If God had wanted term sheets to be simple he would never have created corporate venturing. I was reminded of this truth at Leif’s and Global Corporate Venturing’s recent conference on advanced materials investing. One corporate venturer asked the panel, which included SAEV, Airbus APWorks and Pangaea Ventures, for advice on how to incorporate side agreements into investments. The questioner was referring to the corporate venturing parent seeking to combine investment with various commercial terms, such as exclusive rights to sell the technology in a certain region, a stake in “process intellectual property” developed through collaborative development agreements and a right of first refusal when it comes to selling the company. A thorough and heated discussion followed. Here is my take on this knotty but fundamental issue for corporate and financial venture capital groups (VCs).

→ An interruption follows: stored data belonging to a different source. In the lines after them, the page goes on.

(* (3) -> (2) is immediate (B = A).  For (1) -> (3), two facts about a
   computable f: its zero set is co-c.e. closed, since a point y is outside it
   iff some rational approximation of f at a grid point near y certifies
   |f| > 0 on a neighbourhood (given by the modulus) containing y; and if f
   changes sign it has a computable zero, either a rational one or the limit
   of an effective bisection, where the sign of f at each midpoint is decided
   by searching for such a certificate.  For (2) -> (1), the tents h_k of an
   enumeration (a_k, b_k) of the complement of B are 1-Lipschitz and positive
   exactly on (a_k, b_k), so g = sum 2^-k h_k vanishes exactly on B and
   f y = (y - x) g y works; its values at rational points are approximated
   with integer arithmetic only.

   Computability is witnessed by codes of mu-recursive functions, which we
   obtain by compiling a small expression language. *)

Open Scope nat_scope.

Fixpoint cconst (k : nat) : code :=
  match k with 0 => cZero | S k => cComp cSucc [cconst k] end.

Lemma ev_const k v : eval (cconst k) v k.
Proof.
  induction k as [|k IH]; simpl; [constructor|].
  econstructor; [econstructor; [exact IH|constructor]|].
  change (S k) with (S (hd 0 [k])). constructor.
Qed.

Lemma ev_proj_eq i v y : nth i v 0 = y -> eval (cProj i) v y.
Proof. intros <-. constructor. Qed.

Lemma ev_comp2 F a b v x y z :
  eval F [x; y] z -> eval a v x -> eval b v y -> eval (cComp F [a; b]) v z.
Proof. intros. econstructor; [|eauto]. repeat (constructor; auto). Qed.

Lemma ev_comp1 F a v x y : eval F [x] y -> eval a v x -> eval (cComp F [a]) v y.
Proof. intros. econstructor; [|eauto]. repeat (constructor; auto). Qed.

Definition ADD := cPrec (cProj 0) (cComp cSucc [cProj 1]).
Lemma ev_ADD n y : eval ADD [n; y] (n + y).
Proof.
  induction n as [|n IH]; simpl; [constructor; now apply ev_proj_eq|].
  eapply ev_precS; [exact IH|]. eapply ev_comp1; [|now apply ev_proj_eq].
  change (S (n + y)) with (S (hd 0 [n + y])). constructor.
Qed.

Definition MUL := cPrec cZero (cComp ADD [cProj 1; cProj 2]).
Lemma ev_MUL n y : eval MUL [n; y] (n * y).
Proof.
  induction n as [|n IH]; simpl; [constructor; constructor|].
  eapply ev_precS; [exact IH|].
  eapply ev_comp2; [|now apply ev_proj_eq..].
  replace (y + n * y) with (n * y + y) by lia. apply ev_ADD.
Qed.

If they are not seeking side agreements then they are not corporate venturers: My advice to companies seeking venture capital is to approach corporate venturers only if they are looking to blend their capital requirements with specific and detailed programme of commercial acceleration. Otherwise, keep it simple and go to financial VCs. The real value a corporate venturer can add is its ability to develop, prove and thereby commercialise markets to which it has proprietary access.
This looks like the rationale behind Sakti3, a US battery technology business, raising $15m from the UK engineering group Dyson. According to the Financial Times, the deal gives Dyson exclusivity to manufacture and use Sakti3’s batteries in its existing products, such as its cordless and robotic vacuums, as well as its new product areas. The Sakti3 investment is Dyson’s first foray into corporate venturing.
But this needs to cut both ways: Technology startups can sometimes find side agreements intimidating because they fear either being smothered by a giant business or being forgotten and neglected, following a change of management or some other turn of the corporate wheel. Startups should therefore negotiate some kind of penalty for the corporates if things do not work out.
For the investee, “side agreements need to be take or pay”, one family office investor told me recently, which is good advice. And to avoid being smothered, it is best to make sure that the commercial deal with your corporate venturer is not your only route to commercialisation.
“I generally recommend that our portfolio companies focus on commercialising a product where they actually can penetrate the market or hold the juiciest peach for themselves,” says Keith Gillard of Pangaea Ventures, the Vancouver-based advanced materials VC. Though I do not know the details of the Sakti3 deal, it is possible that its juiciest peach is not with vacuum cleaners, but with one of the other several applications for its batteries, such as electric cars or renewable power smoothing. Interestingly, Sakti3’s other corporate venturer is GM Ventures.
Take time: I find it astonishing that technology businesses think they can raise capital from corporate venturers in less than a year. The time to start looking for capital from corporate venturers is at least a year from the date when you really need it. Why? Because you need this time to negotiate the side agreements.
“My advice to companies seeking money is that if you want money fast, do not approach us,” says Nuno Carvalho, head of venturing at Bekaert, a Belgium-based steel wire transformation and coatings business. “A [Bekaert] business unit has to assess a technology before the venture professionals like me can really start our work in earnest,” he adds.
Rights of first refusal are a no-no: If a corporate venturer tries to insert a right of first refusal in its terms sheet, a startup should run a mile. A right of first refusal gives its holder the option to enter a business transaction with the owner of something, according to specified terms, before the owner is entitled to enter into that transaction with a third party. This can kill any competition to buy the business from other parties, leaving any financial VCs and shareholding management with lower returns.
A good corporate venturer is more likely to win over a potential investee business by citing examples of when it has either sold its portfolio businesses to parents’ competitors or negotiated highly commercial terms for sale to the parent – which happens, but is rarely talked about.
I look forward to seeing you at Global Corporate Venturing Symposium next month, where I may be touching on some of the issues in the two sessions I am moderating – “Collaboration within the corporation”, with BP and BP Ventures, and a break-out on advanced materials venturing with Pangaea and others attending the event.